Мольер - Жорж Бордонов
Шрифт:
Интервал:
Закладка:
В 1643 году Мольер переезжает туда. Он ушел из семьи, но, вопреки распространенному мнению, не порвал с нею. Жан II с детьми в тот же год перебирается в купленный в 1633 году дом на Центральном рынке, «Под образом святого Христофора». Мольер там никогда не жил. Жан II оставался еще в Обезьяньем домике, когда выдал Жану-Батисту 630 ливров в счет материнского наследства, с условием, что тот откажется от права на должность королевского обойщика в пользу одного из своих братьев. Преемником отца станет Жан III; мы еще увидим, что из этого выйдет. Расписка в получении 630 ливров заверена нотариусами Депре и Левассёром и датирована 6 января 1643 года. Это важный документ, поскольку он опровергает досужие вымыслы биографов XIX века, а отчасти и нашего: юноша из почтенного семейства, который пошел по дурной дорожке и вымогает у отца свою долю наследства, чтобы промотать ее с женщиной нестрогого поведения, отцовские проклятия по адресу сына, унизившегося до ремесла комедианта, ненавистные родичи, которые не понимают юного гения и давят его, — и так далее. Все это основано исключительно на туманных фантазиях, натянутых сопоставлениях, сравнениях, выдающих едва ли не полное незнание нравов XVII века и подлинного облика Мольера и Мадлены Бежар. Мольер — настоящий Поклен, в том смысле, что он воспитан в принципах деятельной бережливости, прилежного трудолюбия. Конечно, под влиянием Гассенди он отошел от традиционной морали, которую проповедовали клермонские иезуиты, и подружился с либертинами. Но при всем этом он всегда оставался, и всегда останется, парижским буржуа — разве что за исключением того времени, когда был странствующим актером, да и то!.. Такова же и Мадлена. Она слишком много выстрадала от прихотей своего отца, чтобы не мечтать о порядке. Уже в восемнадцать лет она пыталась купить дом на улице Ториньи и обосноваться в нем. У этой пары самая восторженная любовь к искусству, очевидно, не вытеснила и даже не подчинила себе ни интереса к практическим делам, ни стремления к прочной обеспеченности, ни склонности к добропорядочному существованию, что выражалось в те времена — да и теперь тоже — в заботах о собственности. Мольер как будто порвал со своей средой; он отказался от права на должность, не желает быть обойщиком, слугой короля и поставщиком знатных сеньоров. Мадлена потерпела крах в истории с графом де Моденом. Они оба начинают с нуля. Кто из них кого увлек на театральную стезю, не имеет значения.
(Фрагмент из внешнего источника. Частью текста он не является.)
(* Pulling back along [sigma] writes [C] as [t Z + (1 - t) X] with [X] in the
   elliptope, and the entry [-1] of [C] forces [t = 0]. *)
Lemma sigma_segment_eq0 Z C (t : R) a b : fixed Z -> elliptope C -> 0 <= t <= 1 ->
  sigma C = t *: Z + (1 - t) *: C -> Z a b = 1 -> C a b = -1 -> t = 0.
Proof.
move=> [ZG sZ] CG t01 sC Zab Cab.
have [X XG sX] := sigma_surj CG.
have CZX : t *: Z + (1 - t) *: X = C.
  apply: sigma_inj => //; first exact: elliptope_convex.
  by rewrite sigma_convex // sZ sX.
have := congr1 (fun M : 'M[R]_N => M a b) CZX; rewrite !mxE Zab Cab.
have /andP[Xab _] := elliptope_entry_bound a b XG.
by case/andP: t01 => *; nra.
Qed.

End AffineBijection.

Section FixedCuts.
Variables (R : realType) (N : nat) (sigma : 'M[R]_N -> 'M[R]_N).
Hypothesis sigma_aff : affine_bijection_on sigma.
Hypothesis sigma_A0 : sigma (A0 R N) = A0 R N.
Hypothesis sigma_Amu : forall mu : 'I_N, sigma (Amu R mu) = Amu R mu.
Implicit Types (v : 'cV[R]_N).

Definition base_sign (o : option 'I_N) : 'cV[R]_N :=
  if o is Some mu then svec R mu else const_mx 1.

Lemma fixed_base_cut o : fixed sigma (base_sign o *m (base_sign o)^T).
Proof.
case: o => [mu|]; split.
- exact/elliptope_cut/signvec_svec.
- exact: sigma_Amu.
- exact/elliptope_cut/signvec_const1.
- by rewrite /= -A0_cut.
Qed.

Lemma sigma_cut_entry1 v a b : signvec v -> v a 0 = 1 -> v b 0 = 1 ->
  sigma (v *m v^T) a b = 1.
Proof.
move=> sv va vb.
pose r := None :: map Some (neg_support v).
pose c (o : option 'I_N) : R :=
  if o is None then 1 - (size (neg_support v))%:R else 1.
have v_comb : v = \sum_(o <- r) c o *: base_sign o.
  rewrite big_cons big_map {1}(signvec_decomp sv); congr (_ + _).
  by apply: eq_bigr => mu _; rewrite scale1r.
have base1 o d : o \in r -> v d 0 = 1 -> base_sign o d 0 = 1.
  rewrite inE => /predU1P[-> | /mapP[mu mu_neg ->]] vd; first by rewrite mxE.
  rewrite mxE; case: eqP => // d_mu; move: mu_neg.
  by rewrite mem_enum inE -d_mu vd => /eqP; lra.
pose P := mean r (fun o => base_sign o *m (base_sign o)^T).
have Pfix : fixed sigma P by apply: fixed_mean => // o _; apply: fixed_base_cut.
have Pab : P a b = 1.
  apply: (convex_mean (P := fun M : 'M[R]_N => M a b = 1)) => //.
    by move=> X Y t Xab Yab _; rewrite !mxE Xab Yab; lra.
  by move=> o ro; rewrite mxE big_ord1 mxE (base1 o a) ?(base1 o b) ?mulr1.
have [e e_gt0 CleP] := mean_outer_dominates (isT : 0 < size r)%N v_comb.
by apply: (fixed_face_entry sigma_aff Pfix (elliptope_cut sv) e_gt0).
Qed.

Lemma sigma_cut_same_sign v : signvec v ->
  forall a b, v a 0 = v b 0 -> sigma (v *m v^T) a b = 1.
Proof.
move=> sv a b; case: (sv a) => va vab.
  by apply: sigma_cut_entry1; rewrite -?vab.
have -> : v *m v^T = (- v) *m (- v)^T by rewrite linearN /= mulNmx mulmxN opprK.
by apply: sigma_cut_entry1 (signvecN sv) _ _; rewrite mxE -?vab va opprK.
Qed.

Lemma sigma_cut v : signvec v -> sigma (v *m v^T) = v *m v^T.
Proof.
move=> sv; have CG := elliptope_cut sv.
have [[a0 b0] /= /andP[/eqP va0 /eqP vb0] | no_cross] :=
  pickP (fun p : 'I_N * 'I_N => (v p.1 0 == 1) && (v p.2 0 == -1)); last first.
  suff -> : v *m v^T = A0 R N by [].
  apply/matrixP => a b; rewrite !mxE big_ord1 !mxE.
  have := no_cross (a, b); have := no_cross (b, a) => /=.
  by case: (sv a) => ->; case: (sv b) => ->; rewrite ?eqxx //= => _ _; lra.
have := elliptope_cut_blocks sv (sigma_elliptope sigma_aff CG) va0 vb0
  (sigma_cut_same_sign sv).
set t := (1 + _) / 2 => sC.
have t01 : 0 <= t <= 1.
  have := elliptope_entry_bound a0 b0 (sigma_elliptope sigma_aff CG).
  by rewrite /t; lra.
have A0_fixed : fixed sigma (A0 R N).
  by split; rewrite // A0_cut; apply/elliptope_cut/signvec_const1.
have t0 : t = 0.
  apply: (sigma_segment_eq0 sigma_aff A0_fixed CG t01 sC (a := a0) (b := b0)).
    by rewrite mxE.
  by rewrite mxE big_ord1 !mxE va0 vb0 mul1r.
by rewrite sC t0 scale0r add0r subr0 scale1r.
Qed.

Lemma fixed_pair_mx i j (c : R) : -1 <= c <= 1 -> fixed sigma (pair_mx i j c).
Proof.
have fixed_sign e : e = 1 \/ e = -1 -> fixed sigma (pair_mx i j e).
  move=> e_sign; rewrite pair_mx_mean //; apply: (fixed_mean sigma_aff) => [|s _].
    by rewrite -cardT; apply/card_gt0P; exists [ffun=> false].
  have sv := signvec_pair_sign i j s e_sign.
  by split; [apply: elliptope_cut | exact: sigma_cut].
move=> c_bound; rewrite pair_mx_convex.
apply: (fixed_convex sigma_aff); last by lra.
  by apply: fixed_sign; left.
by apply: fixed_sign; right.
Qed.

End FixedCuts.

Unset Implicit Arguments.
Set Strict Implicit.

Theorem lemma12 (R : realType) (N : nat) (sigma : 'M[R]_N -> 'M[R]_N) :
  affine_bijection_on sigma ->
  sigma (A0 R N) = A0 R N ->
  (forall mu : 'I_N, sigma (Amu R mu) = Amu R mu) ->
  forall X : 'M[R]_N, elliptope X -> sigma X = X.
Proof.
move=> sigma_aff sigma_A0 sigma_Amu X XG.
have [N0 | N_gt0] := posnP N.
  by apply/matrixP => i; have : (i < 0)%N by rewrite -N0.
have fixed_pair := fixed_pair_mx sigma_aff sigma_A0 sigma_Amu.
set t : R := (N * N)%:R^-1.
have NN_gt0 : (0 < N * N)%N by rewrite muln_gt0 N_gt0.
have t_gt0 : 0 < t by rewrite invr_gt0 ltr0n.
have t01 : 0 <= t <= 1 by rewrite ltW //= invf_le1 ?ltr0n ?ler1n.
have [IG sigma_1] : fixed sigma 1%:M.
  by rewrite -(pair_mx0 _ (Ordinal N_gt0) (Ordinal N_gt0)); apply: fixed_pair; lra.
have [_] : fixed sigma (t *: X + (1 - t) *: 1%:M).
  rewrite -mean_pair_mx //; apply: (fixed_mean sigma_aff) => [|[i j] _].
    by rewrite -cardT card_prod card_ord.
  by apply: fixed_pair; have := elliptope_entry_bound i j XG; lra.
rewrite sigma_convex // sigma_1 => /addIr.
exact/can_inj/scalerK/lt0r_neq0.
Qed.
Ришелье любит театр и покровительствует актерам. В 1641 году он добивается от Людовика XIII указа, который официально восстанавливает их в правах:
«В случае, если вышесказанные актеры будут представлять театральные действа так, чтобы вовсе в них не было непристойности, мы повелеваем, чтобы сие ремесло, коим нашим подданным может доставлено быть увеселение невинное и отвлекающее от разных предосудительных занятий, не вменялось им всенародно в бесчестие».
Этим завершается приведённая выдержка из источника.